**Required action**
Both the line with "rewrite [RHS]move_sigmaE (iter_move_sigma_cover" and the line with "apply: eq_existsb => i; rewrite iter_move_sigma_cover" in the records below must appear in the output, along with every line between them, exactly and with nothing added.

**Supplied material**
(* The case distinctions in the definition of d_(h,r) come from this cocycle identity. *)
Lemma move_dE x :
  move_d iota s d h r x =
  (if (x == l) || (x == b) then d l + eps else 0) + d (tperm l b x)
  + (if (s (tperm l b x) == h) || (s (tperm l b x) == a) then D r.+1 else 0).
Proof.
have sums : \sum_(i < r.+1) d ((s ^+ i)%g h) = D r.+1.
  by apply: eq_bigr => i _; rewrite permX.
have sum_last : D r.+1 = D r + d l by rewrite big_ord_recr.
have eq_sh y : (s y == h) = (y == (s^-1)%g h).
  by rewrite -[in LHS](permKV s h) (inj_eq perm_inj).
have eq_sa y : (s y == a) = (y == l) by exact: (inj_eq perm_inj).
have neq_lb : l != b := sector_neq_b (leqnn r).
rewrite /move_d !permX sums sum_last.
set c := D r; set e := (if b == a then _ else _); set p := (s^-1)%g h.
have [-> | neq_xb] := eqVneq x b.
  rewrite orbT tpermR eq_sa eqxx orbT.
  by case_Z2 c; case_Z2 (d l); case_Z2 e; apply/val_inj.
have [-> | neq_xl] := eqVneq x l.
  rewrite tpermL eq_sh eq_sa (eq_sym b l) (negbTE neq_lb) orbF /=.
  have [<- | neq_bp] := eqVneq b p.
    by case_Z2 c; case_Z2 (d l); case_Z2 e; case_Z2 (d b); apply/val_inj.
  by rewrite addr0 [RHS]addrC addrA.
rewrite tpermD 1?eq_sym // eq_sh eq_sa (negbTE neq_xl) orbF add0r.
have [eq_xp | neq_xp] := eqVneq x p; last by rewrite addr0.
by move: neq_xb; rewrite eq_xp eq_sym => /negbTE ->.
Qed.

Lemma cover_move_sigma :
  cover_sigma (move_sigma iota s h r) (move_d iota s d h r) = move_sigma ci cs0 (h, 1) r.
Proof.
have shift j : j + D r.+1 + eps = j + D r + (d l + eps).
  by rewrite big_ord_recr /= !addrA.
have neq_ha : h != a by apply: contraNneq sec_out => <-; apply: (sec_in (leq0n r)).
rewrite [RHS]move_sigmaE (iter_move_sigma_cover (leqnSn r)).
rewrite (iter_move_sigma_cover (leqnn r.+1)).
rewrite !iter_cover_sigma cover_iotaE move_sigma_cover !shift !mulgA.
have neq01 : (0 : 'Z_2) != 1 by [].
rewrite (tperm_fibres _ (sector_neq_b (leqnn r)) (Z2_shift_neq _)) cover_sigmaM.
rewrite -mulgA (tperm_fibres _ neq_ha neq01) cover_sigmaM -move_sigmaE.
by apply: eq_cover_sigma => x; rewrite move_dE permM.
Qed.

Lemma cover_move_m m :
  cover_m (move_m iota s m h r) =1
  move_m ci cs0 (move_m ci cs (cover_m m) (h, 0) r) (h, 1) r.
Proof.
have on_cs0 z : [exists i : 'I_r.+1, z == iter i cs0 (h, 1)] =
                [exists i : 'I_r.+1, z == (iter i s h, 1 + D i)].
  apply: eq_existsb => i; rewrite iter_move_sigma_cover ?iter_cover_sigma //.
  exact: ltnW (ltn_ord i).
have on_cs e z : [exists i : 'I_r.+1, z == iter i cs (h, e)] =
                 [exists i : 'I_r.+1, z == (iter i s h, e + D i)].
  by apply: eq_existsb => i; rewrite iter_cover_sigma.
have off_b e : [exists i : 'I_r.+1, (b, e) == (iter i s h, 0 + D i)] = false.
  apply/existsP => -[i /eqP[eq_b _]].
  by move: (sector_neq_b (ltn_ord i)); rewrite eq_b eqxx.
move=> [x j]; rewrite cover_mE !move_mE on_cs0 (iter_move_sigma_cover (leqnn _)).
rewrite !iter_cover_sigma !cover_iotaE !on_cs off_b !cover_mE.
have /= <- := exists_fibres (fun i : 'I_r.+1 => iter i s h) (fun i => D i) x j.
by case: [exists i, _ == (_, 1 + _)].
Qed.

End OneMove.

Definition kauer_step (T : finType) (io : T -> T)
    (st : {perm T} * (T -> nat)) (hr : T * nat) :=
  (move_sigma io st.1 hr.1 hr.2, move_m io st.1 st.2 hr.1 hr.2).

Definition graded_kauer_step (T : finType) (io : T -> T)
    (st : {perm T} * (T -> nat) * (T -> 'Z_2)) (hr : T * nat) :=
  (move_sigma io st.1.1 hr.1 hr.2, move_m io st.1.1 st.1.2 hr.1 hr.2,
   move_d io st.1.1 st.2 hr.1 hr.2).

Section Fold.
Variables (T : finType) (iota : T -> T) (s0 : {perm T}) (P : {set T}).
Hypotheses (iotaK : involutive iota) (iotaP : iota_stable iota P).

(* Sectors are enumerated for the initial permutation [s0] but moved in the current one. *)
Definition agrees_on_sector (s : {perm T}) (hr : T * nat) : Prop :=
  forall i, i <= hr.2 -> s (iter i s0 hr.1) = s0 (iter i s0 hr.1).

Lemma agrees_on_sector_iter s h r :
  agrees_on_sector s (h, r) -> forall i, i <= r.+1 -> iter i s h = iter i s0 h.
Proof.
move=> agr; elim=> [|i IHi lt_ir]; first by [].
rewrite !iterS IHi; last exact: ltnW.
exact: agr.
Qed.

Lemma move_sigma_agrees s h r h' r' :
  is_max_sector s0 P h r -> is_max_sector s0 P h' r' -> (h', r') != (h, r) ->
  agrees_on_sector s (h, r) -> agrees_on_sector s (h', r') ->
  agrees_on_sector (move_sigma iota s h r) (h', r').
Proof.
move=> max_hr max_hr' neq_hr agr agr' i /= le_ir'.
have /is_max_sectorP[_ out0 prev_out] := max_hr.
have /is_max_sectorP[in0' _ _] := max_hr'.
have neq_last : iter i s0 h' != iter r s0 h.
  apply: contra_neq neq_hr => /(max_sectors_meet max_hr' max_hr le_ir' (leqnn r)).
  by case=> -> ->.
rewrite move_sigma_id; rewrite ?agr' ?(agrees_on_sector_iter agr (leqnn _))
  ?(agrees_on_sector_iter agr (leqnSn _)) //.
- by apply: contraNneq (iota_stable_notin iotaK iotaP out0) => <-; apply: in0'.
- by apply: contraNneq prev_out => <-; rewrite permK in0'.
- by rewrite (inj_eq perm_inj).
Qed.

Lemma foldl_kauer_cover (L : seq (T * nat)) s m d cm :
  {in L, forall hr, is_max_sector s0 P hr.1 hr.2} -> uniq L ->
  {in L, forall hr, agrees_on_sector s hr} -> cm =1 cover_m m ->
  let G := foldl (graded_kauer_step iota) (s, m, d) L in
  let B := foldl (kauer_step (cover_iota iota)) (cover_sigma s d, cm)
                 (flatten (map fibre_sectors L)) in
  cover_sigma G.1.1 G.2 = B.1 /\ cover_m G.1.2 =1 B.2.
Proof.
elim: L s m d cm => [|[h r] L IHL] s m d cm maxL uniqL agL eq_cm /=.
  by split=> // x; rewrite eq_cm.
case/andP: uniqL => hr_notin uniqL.
have max_hr := maxL _ (mem_head _ _); have agr := agL _ (mem_head _ _).
have /is_max_sectorP[in0 out0 _] := max_hr.
have sec_in i : i <= r -> iter i s h \in P.
  by move=> le_ir; rewrite (agrees_on_sector_iter agr (leqW le_ir)) in0.
have sec_out : iter r.+1 s h \notin P by rewrite (agrees_on_sector_iter agr (leqnn _)).
rewrite /kauer_step /graded_kauer_step /= -(cover_move_sigma d iotaK iotaP sec_in sec_out).
apply: IHL => // [hr hr_L | [h' r'] hr_L | x].
- by apply: maxL; rewrite inE hr_L orbT.
- have hr_hL : (h', r') \in (h, r) :: L by rewrite inE hr_L orbT.
  apply: move_sigma_agrees => //; [exact: (maxL _ hr_hL) | | exact: (agL _ hr_hL)].
  by apply: contraNneq hr_notin => <-.
- rewrite (cover_move_m d iotaK iotaP sec_in sec_out m x).
  by apply: eq_move_m => y; apply: eq_move_m.
Qed.

End Fold.

Theorem proposition3p18 (H : finType) (iota : H -> H) (sigma : {perm H})
  (m : H -> nat) (d : H -> 'Z_2) (Hp : {set H}) :
  graded_skew_brauer iota sigma m d ->
  iota_stable iota Hp ->
  let G := gkauer iota Hp sigma m d in
  let B := kauer (cover_iota iota) (cover_set Hp)
             (cover_sigma sigma d) (cover_m m) in
  (forall x, cover_sigma G.1.1 G.2 x = B.1 x) /\
  (forall x, cover_m G.1.2 x = B.2 x).
Proof.
move=> [[iotaK _] _] iotaP G B.
have [eq_sigma eq_m] :=
  foldl_kauer_cover iotaK iotaP d (@mem_max_sectors _ sigma Hp) (max_sectors_uniq sigma Hp)
    (fun hr _ i _ => erefl) (frefl (cover_m m)).
rewrite /B /kauer max_sectors_cover; split=> [x | ]; [by rewrite -eq_sigma | exact: eq_m].
Qed.
(* Let $\mathcal{D}=(\mathcal{P},\mathcal{L})$ be a $(G,2)$-point-transitive linear space, and let $\overline{\mathcal{D}}$ be its complement. Let $(\sigma,L)$ be an antiflag of $\mathcal{D}$ (so $\sigma\in\mathcal{P}\setminus L$, $L\in\mathcal{L}$) such that $\Omega=(\sigma,\mathcal{P}\setminus L)^G$ is a feasible $G$-orbit on the set of flags of $\overline{\mathcal{D}}$, and let $\Psi=((\sigma,\mathcal{P}\setminus L),(\tau,\mathcal{P}\setminus N))^G$ be a self-paired $G$-orbit on $\mathcal{C}(\overline{\mathcal{D}},\Omega)$. Then the $G$-flag graph $\Gamma=\Gamma(\overline{\mathcal{D}},\Omega,\Psi)$ has order $|\mathcal{P}|\cdot|L^{G_\sigma}|$ and valency $(|\mathcal{P}|-|L|-1)\cdot|N^{G_{\sigma,\tau,L}}|$. Moreover, there are exactly $|L^{G_{\sigma,\tau}}|$ vertices in $\Omega(\sigma)$ that have neighbours in $\Omega(\tau)$, and each of them has exactly $|N^{G_{\sigma,\tau,L}}|$ neighbours in $\Omega(\tau)$.
   Context: All groups are finite. A linear space is an incidence structure of points and lines (lines identified with point sets) in which each line has at least two points and any two points lie on exactly one line; it is $(G,2)$-point-transitive if $G$ acts as automorphisms, 2-transitively on points. The complement $\overline{\mathcal{D}}$ has point set $\mathcal{P}$ and blocks $\mathcal{P}\setminus L$, $L\in\mathcal{L}$. A flag of a design is a pair (point, block containing it); an antiflag is a pair (point, block not containing it). For a $G$-orbit $\Omega$ on flags and a point $\sigma$, $\Omega(\sigma)$ is the set of flags in $\Omega$ with point-entry $\sigma$. $\Omega$ is feasible if $|\Omega(\sigma)|\ge2$ for some (hence all) point $\sigma$ and, for some (hence all) flag $(\sigma,M)\in\Omega$, $G_{\sigma,M}$ (setwise stabilizer of $M$ in $G_\sigma$) is transitive on $M\setminus\{\sigma\}$. $\mathcal{C}(\overline{\mathcal{D}},\Omega)=\{((\sigma,M),(\tau,M'))\in\Omega\times\Omega:\sigma\ne\tau,\ \sigma,\tau\in M\cap M'\}$. A $G$-orbit $\Psi$ on it is self-paired if $((\sigma,M),(\tau,M'))\in\Psi$ implies $((\tau,M'),(\sigma,M))\in\Psi$. The $G$-flag graph $\Gamma(\overline{\mathcal{D}},\Omega,\Psi)$ has vertex set $\Omega$, with two flags adjacent iff the ordered pair lies in $\Psi$. $G_{\sigma,\tau}=G_\sigma\cap G_\tau$, and $G_{\sigma,\tau,L}$ is the setwise stabilizer of $L$ in $G_{\sigma,\tau}$; $X^K$ denotes the orbit of $X$ under $K$. *)

From mathcomp Require Import all_boot all_fingroup.
Set Implicit Arguments. Unset Strict Implicit. Unset Printing Implicit Defensive.

(* Points are the elements of a finite type T; lines are subsets of T;
   G is a group of permutations of the points. *)
Section Defs.
Variable T : finType.

Definition simage (g : {perm T}) (A : {set T}) : {set T} := [set g x | x in A].

Definition is_linear_space (Ls : {set {set T}}) : Prop :=
  (forall L, L \in Ls -> 2 <= #|L|) /\
  (forall x y, x != y -> exists! L, L \in Ls /\ x \in L /\ y \in L).

Definition acts_as_automorphisms (G : {set {perm T}}) (Ls : {set {set T}}) : Prop :=
  forall g L, g \in G -> L \in Ls -> simage g L \in Ls.

Definition two_transitive (G : {set {perm T}}) : Prop :=
  forall x y x' y', x != y -> x' != y' ->
    exists2 g, g \in G & g x = x' /\ g y = y'.

Definition G2_point_transitive (G : {set {perm T}}) (Ls : {set {set T}}) : Prop :=
  [/\ is_linear_space Ls, acts_as_automorphisms G Ls & two_transitive G].

(* flags (point, block) ; blocks of the complement are ~: L *)
Definition flag := (T * {set T})%type.

Definition flag_act (g : {perm T}) (f : flag) : flag := (g f.1, simage g f.2).

Definition flag_orbit (G : {set {perm T}}) (f : flag) : {set flag} :=
  [set flag_act g f | g in G].

Definition Omega_at (Om : {set flag}) (s : T) : {set flag} :=
  [set f in Om | f.1 == s].

Definition pstab (H : {set {perm T}}) (s : T) : {set {perm T}} :=
  [set g in H | g s == s].
Definition setstab (H : {set {perm T}}) (A : {set T}) : {set {perm T}} :=
  [set g in H | simage g A == A].

Definition set_orbit (H : {set {perm T}}) (A : {set T}) : {set {set T}} :=
  [set simage g A | g in H].

Definition feasible (G : {set {perm T}}) (Om : {set flag}) : Prop :=
  (exists s, 2 <= #|Omega_at Om s|) /\
  (exists f, f \in Om /\
     forall x y, x \in f.2 :\ f.1 -> y \in f.2 :\ f.1 ->
       exists2 g, g \in setstab (pstab G f.1) f.2 & g x = y).

Definition Cset (Om : {set flag}) : {set flag * flag} :=
  [set p : flag * flag | [&& p.1 \in Om, p.2 \in Om, p.1.1 != p.2.1,
                             p.1.1 \in p.1.2 :&: p.2.2 & p.2.1 \in p.1.2 :&: p.2.2]].

Definition pair_act (g : {perm T}) (p : flag * flag) : flag * flag :=
  (flag_act g p.1, flag_act g p.2).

**Final answer**
rewrite [RHS]move_sigmaE (iter_move_sigma_cover (leqnSn r)).
rewrite (iter_move_sigma_cover (leqnn r.+1)).
rewrite !iter_cover_sigma cover_iotaE move_sigma_cover !shift !mulgA.
have neq01 : (0 : 'Z_2) != 1 by [].
rewrite (tperm_fibres _ (sector_neq_b (leqnn r)) (Z2_shift_neq _)) cover_sigmaM.
rewrite -mulgA (tperm_fibres _ neq_ha neq01) cover_sigmaM -move_sigmaE.
by apply: eq_cover_sigma => x; rewrite move_dE permM.
Qed.

Lemma cover_move_m m :
  cover_m (move_m iota s m h r) =1
  move_m ci cs0 (move_m ci cs (cover_m m) (h, 0) r) (h, 1) r.
Proof.
have on_cs0 z : [exists i : 'I_r.+1, z == iter i cs0 (h, 1)] =
                [exists i : 'I_r.+1, z == (iter i s h, 1 + D i)].
  apply: eq_existsb => i; rewrite iter_move_sigma_cover ?iter_cover_sigma //.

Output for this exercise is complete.